Painfully misguided, Tammy is the result of a collaboration between McCarthy and her husband Ben Falcone, who co-wrote the screenplay with McCarthy and who also handled the directing chores.
Tammy finds McCarthy playing the title character, the wayward granddaughter of an aging alcoholic (Sarandon).
After being fired from her job at a fast-food franchise, McCarthy's Tammy sets out on a road trip with her grandmother, who supplies the car -- an aging Cadillac -- and the money that supports a journey toward Niagara Falls, a stop on grandma's bucket list.
All of this takes place over the objections of Tammy's mother (Allison Janney), who understands that grandma is both a diabetic and a drunk, and shouldn't be let loose on an unsuspecting world.
Sarandon may be game for anything, but she's given scenes that struck me as embarrassing: carrying on in the backseat of a car with a guy (Cary Cole) she meets in a bar or having a drunken outburst at a Fourth of July party thrown by her lesbian cousin (Kathy Bates).
McCarthy's luckier: Her previous comic roles have immunized her against embarrassment.

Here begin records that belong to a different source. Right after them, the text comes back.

(* Let $n_0,n_1,r$ be positive integers. If there exist integers $t$ and $l$ with $t\ge r$ and $0\le l\le t$ such that $$2^t e^{-\frac{(l)_r}{(t)_r}n_1}+2^t e^{-\frac{(t-l)_r}{(t)_r}n_0}\le 1,$$ then $ch(K_{n_0,n_1})>r$.
   Context: For an integer $a$ and a positive integer $r$, $(a)_r=a(a-1)\cdots(a-r+1)$ denotes the falling factorial. For a graph $G=(V,E)$, the choice number $ch(G)$ is the minimum integer $k$ such that for every assignment of a list $S(v)$ of at least $k$ colors to each vertex $v\in V$, there is a proper vertex coloring of $G$ assigning to each vertex $v$ a color from $S(v)$. $K_{n_0,n_1}$ denotes the complete bipartite graph with parts of sizes $n_0$ and $n_1$. *)

From Stdlib Require Import Reals.
From mathcomp Require Import all_boot.
Set Implicit Arguments. Unset Strict Implicit. Unset Printing Implicit Defensive.

(* A (simple) graph is given by a symmetric irreflexive relation [e] on a finite
   vertex type [T]. Colors are natural numbers; a list assignment gives each
   vertex a finite list of colors [S v]; its number of colors is the number of
   distinct entries, [size (undup (S v))]. *)

Definition proper_list_coloring (T : finType) (e : rel T)
  (S : T -> seq nat) (c : T -> nat) : Prop :=
  (forall v, c v \in S v) /\ (forall u v, e u v -> c u != c v).

Definition choosable (T : finType) (e : rel T) (k : nat) : Prop :=
  forall S : T -> seq nat, (forall v, k <= size (undup (S v))) ->
    exists c : T -> nat, proper_list_coloring e S c.

(* ch(G) > r : the minimum k such that G is k-choosable exceeds r,
   i.e. every k for which G is k-choosable satisfies k > r. *)
Definition choice_number_gt (T : finType) (e : rel T) (r : nat) : Prop :=
  forall k, choosable e k -> r < k.

Definition Kbip_rel (n0 n1 : nat) : rel ('I_n0 + 'I_n1)%type :=
  fun u v => match u, v with
             | inl _, inr _ | inr _, inl _ => true
             | _, _ => false
             end.

From Stdlib Require Import Reals Lra.
From mathcomp Require Import all_boot.
Set Implicit Arguments. Unset Strict Implicit. Unset Printing Implicit Defensive.

(* Draw every list of K_{n0,n1} among the r-subsets of t colors. A proper
   coloring from the lists yields the set A of colors used on side 0: every
   side-0 list meets A and every side-1 list meets its complement. For |A| = a
   the fraction of list systems separated in this way by A is
   (1 - C(t-a,r)/C(t,r))^n0 (1 - C(a,r)/C(t,r))^n1. As C(a,r)/C(t,r) = (a)_r/(t)_r
   and 1 - x <= e^-x, comparing a with l bounds this fraction by one of the two
   exponentials of the hypothesis, hence by less than 2^-t. So the union bound
   over the 2^t sets A leaves a system of lists of size r that no A separates,
   i.e. that admits no coloring. *)

Lemma card_bigcup_le (I X : finType) (F : I -> {set X}) :
  #|\bigcup_i F i| <= \sum_i #|F i|.
Proof.
elim/big_rec2: _ => [|i n U _ IH]; first by rewrite cards0.
exact: leq_trans (leq_card_setU _ _).1 (leq_add (leqnn _) IH).
Qed.

Lemma sum_lt_of_uniform_bound (I : finType) (i0 : I) (a : I -> nat) N :
  (forall i, a i * #|I| < N) -> \sum_i a i < N.
Proof.
move=> a_small; have I_gt0 : 0 < #|I| by apply/card_gt0P; exists i0.
have N_gt0 : 0 < N by apply: leq_ltn_trans (a_small i0).
rewrite -(ltn_pmul2r I_gt0) big_distrl /=.
apply: (@leq_ltn_trans (\sum_(i : I) N.-1)).
  by apply: leq_sum => i _; rewrite -ltnS prednK // a_small.
by rewrite sum_nat_const mulnC ltn_pmul2r // ltn_predL.
Qed.

Lemma exists_outside_bigcup (I X : finType) (i0 : I) (U : {set X}) (F : I -> {set X}) :
  (forall i, #|F i| * #|I| < #|U|) -> exists2 x, x \in U & forall i, x \notin F i.
Proof.
move=> F_small.
have bigcup_lt : #|\bigcup_i F i| < #|U|.
  exact: leq_ltn_trans (card_bigcup_le F) (sum_lt_of_uniform_bound i0 F_small).
have /subsetPn[x xU x_uncovered] : ~~ (U \subset \bigcup_i F i).
  by apply: contraTN bigcup_lt => /subset_leq_card; rewrite leqNgt.
by exists x => // i; apply: contra x_uncovered => xF; apply/bigcupP; exists i.
Qed.

Section ListSystems.

Variables (T I0 I1 : finType) (r : nat).

Definition rsubsets := [set S : {set T} | #|S| == r].

Definition rsubsets_not_within (B : {set T}) := [set S in rsubsets | ~~ (S \subset B)].

Definition list_systems : {set {ffun I0 -> {set T}} * {ffun I1 -> {set T}}} :=
  setX [set L in ffun_on rsubsets] [set L in ffun_on rsubsets].

Definition separated_by (A : {set T}) : {set {ffun I0 -> {set T}} * {ffun I1 -> {set T}}} :=
  setX [set L in ffun_on (rsubsets_not_within (~: A))]
       [set L in ffun_on (rsubsets_not_within A)].

Lemma card_rsubsets : #|rsubsets| = 'C(#|T|, r).
Proof. exact: card_draws. Qed.

Lemma card_rsubsets_not_within B : #|rsubsets_not_within B| = 'C(#|T|, r) - 'C(#|B|, r).
Proof.
have within_sub : [set S : {set T} | S \subset B & #|S| == r] \subset rsubsets.
  by apply/subsetP => S; rewrite !inE => /andP[].
rewrite -card_rsubsets -cards_draws -(cardsDS within_sub).
by apply: eq_card => S; rewrite !inE; case: (S \subset B); case: (_ == r).
Qed.

Lemma card_list_systems : #|list_systems| = 'C(#|T|, r) ^ #|I0| * 'C(#|T|, r) ^ #|I1|.
Proof. by rewrite cardsX !cardsE !card_ffun_on card_rsubsets. Qed.

Lemma card_separated_by A : #|separated_by A| =
  ('C(#|T|, r) - 'C(#|T| - #|A|, r)) ^ #|I0| * ('C(#|T|, r) - 'C(#|A|, r)) ^ #|I1|.
Proof.
by rewrite cardsX !cardsE !card_ffun_on !card_rsubsets_not_within [#|~: A|]cardsCs setCK.
Qed.

End ListSystems.

Section BipartiteLists.

Variables (n0 n1 t r : nat).

Definition colors_of (S : {set 'I_t}) : seq nat := [seq val x | x in S].

Lemma size_undup_colors_of S : size (undup (colors_of S)) = #|S|.
Proof. by rewrite undup_id ?(map_inj_uniq val_inj) ?enum_uniq // size_map cardE. Qed.

Definition bip_lists (L : {ffun 'I_n0 -> {set 'I_t}} * {ffun 'I_n1 -> {set 'I_t}})
    (v : 'I_n0 + 'I_n1) : seq nat :=
  match v with inl i => colors_of (L.1 i) | inr j => colors_of (L.2 j) end.

Lemma size_undup_bip_lists L v :
  L \in list_systems 'I_t 'I_n0 'I_n1 r -> size (undup (bip_lists L v)) = r.
Proof.
rewrite !inE => /andP[/ffun_onP L0r /ffun_onP L1r].
by case: v => [i|j]; rewrite size_undup_colors_of; apply/eqP;
  [have := L0r i | have := L1r j]; rewrite inE.
Qed.

Lemma separated_of_coloring L c :
  L \in list_systems 'I_t 'I_n0 'I_n1 r ->
  proper_list_coloring (@Kbip_rel n0 n1) (bip_lists L) c ->
  exists A, L \in separated_by 'I_n0 'I_n1 r A.
Proof.
rewrite !inE => /andP[/ffun_onP L0r /ffun_onP L1r] [c_in_lists c_proper].
exists [set x : 'I_t | [exists i, c (inl i) == val x]].
rewrite !inE; apply/andP; split; apply/ffun_onP.
- move=> i; rewrite inE L0r /=.
  have /mapP[x] := c_in_lists (inl i); rewrite mem_enum => x_in c_x.
  apply/subsetPn; exists x; rewrite // !inE negbK.
  by apply/existsP; exists i; rewrite c_x.
- move=> j; rewrite inE L1r /=.
  have /mapP[x] := c_in_lists (inr j); rewrite mem_enum => x_in c_x.
  apply/subsetPn; exists x; rewrite // inE.
  apply/existsP => -[i /eqP c_i].
  by have := c_proper (inl i) (inr j) erefl; rewrite c_i c_x eqxx.
Qed.

End BipartiteLists.

Section ExponentialBounds.

Local Open Scope R_scope.

Lemma INR_expn m n : INR (m ^ n)%N = INR m ^ n.
Proof. by elim: n => [|n IHn]; rewrite ?expn0 // expnS mult_INR IHn. Qed.

Lemma one_sub_pow_le_exp x n : x <= 1 -> (1 - x) ^ n <= exp (- (x * INR n)).
Proof.
move=> x_le1; elim: n => [|n IHn]; first by rewrite /= Rmult_0_r Ropp_0 exp_0; lra.
have -> : - (x * INR n.+1) = - x + - (x * INR n) by rewrite S_INR; ring.
rewrite exp_plus /=; apply: Rmult_le_compat => //; [lra | apply: pow_le; lra |].
by have := exp_ineq1_le (- x); lra.
Qed.

Lemma sub_pow_le_exp (N c : nat) q n : (0 < N)%N -> (c <= N)%N -> q <= INR c / INR N ->
  INR (N - c) ^ n <= INR N ^ n * exp (- (q * INR n)).
Proof.
move=> /ltP/lt_0_INR N_gt0 /leP c_le_N q_le.
have INR_c_le : INR c <= INR N by apply: le_INR.
have ratio_le1 : INR c / INR N <= 1.
  by apply: (Rmult_le_reg_r (INR N)) => //; field_simplify; lra.
have -> : INR (N - c) = INR N * (1 - INR c / INR N) by rewrite minus_INR //; field; lra.
rewrite Rpow_mult_distr; apply: Rmult_le_compat_l; first exact/pow_le/pos_INR.
apply: Rle_trans (one_sub_pow_le_exp n (Rle_trans _ _ _ q_le ratio_le1)).
apply: pow_incr; lra.
Qed.

Lemma ffact_ratio_le_bin_ratio (t r l a : nat) : (r <= t)%N -> (l <= a)%N ->
  INR (l ^_ r) / INR (t ^_ r) <= INR 'C(a, r) / INR 'C(t, r).
Proof.
move=> r_le_t l_le_a.
have fact_gt0 : 0 < INR r`! by apply/lt_0_INR/ltP; rewrite fact_gt0.
have bin_gt0 : 0 < INR 'C(t, r) by apply/lt_0_INR/ltP; rewrite bin_gt0.
rewrite -!bin_ffact !mult_INR.
have -> : INR 'C(l, r) * INR r`! / (INR 'C(t, r) * INR r`!) = INR 'C(l, r) / INR 'C(t, r).
  by field; lra.
apply: Rmult_le_compat_r; first exact/Rlt_le/Rinv_0_lt_compat.
exact/le_INR/leP/leq_bin2l.
Qed.

Lemma bin_sub_pow_le_exp (t r l a n : nat) : (r <= t)%N -> (l <= a <= t)%N ->
  INR ('C(t, r) - 'C(a, r)) ^ n <=
  INR 'C(t, r) ^ n * exp (- (INR (l ^_ r) / INR (t ^_ r) * INR n)).
Proof.
move=> r_le_t /andP[l_le_a a_le_t].
apply: sub_pow_le_exp; [by rewrite bin_gt0 | exact: leq_bin2l | exact: ffact_ratio_le_bin_ratio].
Qed.

Lemma mul_lt_of_le_scaled (x0 x1 y0 y1 e p : R) : 0 <= x0 <= y0 -> 0 <= x1 <= y1 * e ->
  0 < y0 * y1 -> 0 < p -> p * e < 1 -> x0 * x1 * p < y0 * y1.
Proof.
move=> x0_bd x1_bd y_gt0 p_gt0 pe_lt1.
have x_le : x0 * x1 <= y0 * (y1 * e) by apply: Rmult_le_compat; lra.
nra.
Qed.

Lemma separated_count_lt (n0 n1 r t l a : nat) : (r <= t)%N -> (l <= t)%N -> (a <= t)%N ->
  INR 2 ^ t * exp (- (INR (l ^_ r) / INR (t ^_ r) * INR n1)) +
  INR 2 ^ t * exp (- (INR ((t - l) ^_ r) / INR (t ^_ r) * INR n0)) <= 1 ->
  (('C(t, r) - 'C(t - a, r)) ^ n0 * ('C(t, r) - 'C(a, r)) ^ n1 * 2 ^ t
     < 'C(t, r) ^ n0 * 'C(t, r) ^ n1)%N.
Proof.
move=> r_le_t l_le_t a_le_t bound.
apply/ltP/INR_lt; rewrite !mult_INR !INR_expn.
set N := INR 'C(t, r); set P := INR 2 ^ t in bound *.
set E1 := exp _ in bound; set E0 := exp _ in bound.
have N_gt0 : 0 < N by apply/lt_0_INR/ltP; rewrite bin_gt0.
have sub_bd c n : 0 <= INR ('C(t, r) - c) ^ n <= N ^ n.
  split; first exact/pow_le/pos_INR.
  by apply: pow_incr; split; [exact: pos_INR | exact/le_INR/leP/leq_subr].
have Y_gt0 : 0 < N ^ n0 * N ^ n1 by apply: Rmult_lt_0_compat; exact: pow_lt.
have P_gt0 : 0 < P by apply/pow_lt/lt_0_INR/ltP.
have PE1_gt0 : 0 < P * E1 by apply: Rmult_lt_0_compat; [|exact: exp_pos].
have PE0_gt0 : 0 < P * E0 by apply: Rmult_lt_0_compat; [|exact: exp_pos].
case: (leqP l a) => [l_le_a | a_lt_l].
- apply: (mul_lt_of_le_scaled (e := E1) (sub_bd _ _) _ Y_gt0 P_gt0); last by lra.
  split; first exact/pow_le/pos_INR.
  by apply: (@bin_sub_pow_le_exp t r l a n1 r_le_t); rewrite l_le_a.
- rewrite (Rmult_comm (INR ('C(t, r) - 'C(t - a, r)) ^ n0)) (Rmult_comm (N ^ n0)).
  apply: (mul_lt_of_le_scaled (e := E0) (sub_bd _ _) _ _ P_gt0); last by lra.
    split; first exact/pow_le/pos_INR.
    apply: (@bin_sub_pow_le_exp t r (t - l) (t - a) n0 r_le_t).
    by rewrite leq_subr andbT leq_sub2l // ltnW.
  by apply: Rmult_lt_0_compat; exact: pow_lt.
Qed.

End ExponentialBounds.

Theorem lemma3p1 (n0 n1 r : nat) :
  (0 < n0)%N -> (0 < n1)%N -> (0 < r)%N ->
  (exists t l : nat, (r <= t)%N /\ (l <= t)%N /\
     Rle (Rplus (Rmult (pow (INR 2) t)
                       (exp (Ropp (Rmult (Rdiv (INR (l ^_ r)) (INR (t ^_ r))) (INR n1)))))
                (Rmult (pow (INR 2) t)
                       (exp (Ropp (Rmult (Rdiv (INR ((t - l) ^_ r)) (INR (t ^_ r))) (INR n0))))))
         R1) ->
  choice_number_gt (@Kbip_rel n0 n1) r.
Proof.
move=> _ _ _ [t [l [r_le_t [l_le_t bound]]]] k k_choosable.
rewrite ltnNge; apply/negP => k_le_r.
have [L L_sys L_unseparated] : exists2 L, L \in list_systems 'I_t 'I_n0 'I_n1 r &
    forall A, L \notin separated_by 'I_n0 'I_n1 r A.
  have card_sets : #|{set 'I_t}| = 2 ^ t.
    by rewrite -cardsT -powersetT card_powerset cardsT card_ord.
  apply: (exists_outside_bigcup set0) => A.
  rewrite card_separated_by card_list_systems card_sets !card_ord.
  by apply: separated_count_lt bound => //; have := max_card A; rewrite card_ord.
have lists_large v : k <= size (undup (bip_lists L v)).
  by rewrite (size_undup_bip_lists v L_sys).
have [c c_coloring] := k_choosable _ lists_large.
have [A L_sep] := separated_of_coloring L_sys c_coloring.
by have := L_unseparated A; rewrite L_sep.
Qed.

Here, she plays a foul-mouthed woman whose husband (Nat Faxon) is having an affair with a neighbor (Toni Collette).
As is the case with many crude comedies, Tammy feels the need to sentimentalize its main character before it's done, something like an boisterous drunk who ends the evening crying in his beer.
Tammy 's told -- via lame dialogue Bates delivers with unnecessary conviction -- that she needs to take control of her life and stop wallowing in self-pity.
She's supposed to do this even though her drunken aunt has grabbed a microphone and told the partying lesbians that Tammy's a fat loser worthy of the nickname "cheeseburger."
Sarandon has been made to look as old as possible, even to the point of donning artificially swollen ankles, but she's never convincingly dissolute.
In what may have been intended as a comic high point, Tammy puts a paper bag on her head and robs a fast-food outlet after fashioning another paper bag into a pretend revolver. She needs money to bail grandma out of jail.
If this was intended as the movie's comic high point, it's not much of one.
Mark Duplass plays the son of the man who picked up grandma in a bar and a potential love interest for Tammy, the movie's lone representative of normalcy.
Tammy tries to get by making lame jokes about old folks, dishing out crude humor and toying with the image McCarthy has created in previous comedies such as Identity Thief, The Heat and, of course, in Bridesmaids, the movie that provided her with a breakthrough role.
Maybe because it's summer, Tammy even finds an excuse to blow up grandma's car. If only that had happened before grandma and Tammy had had a chance to get into it.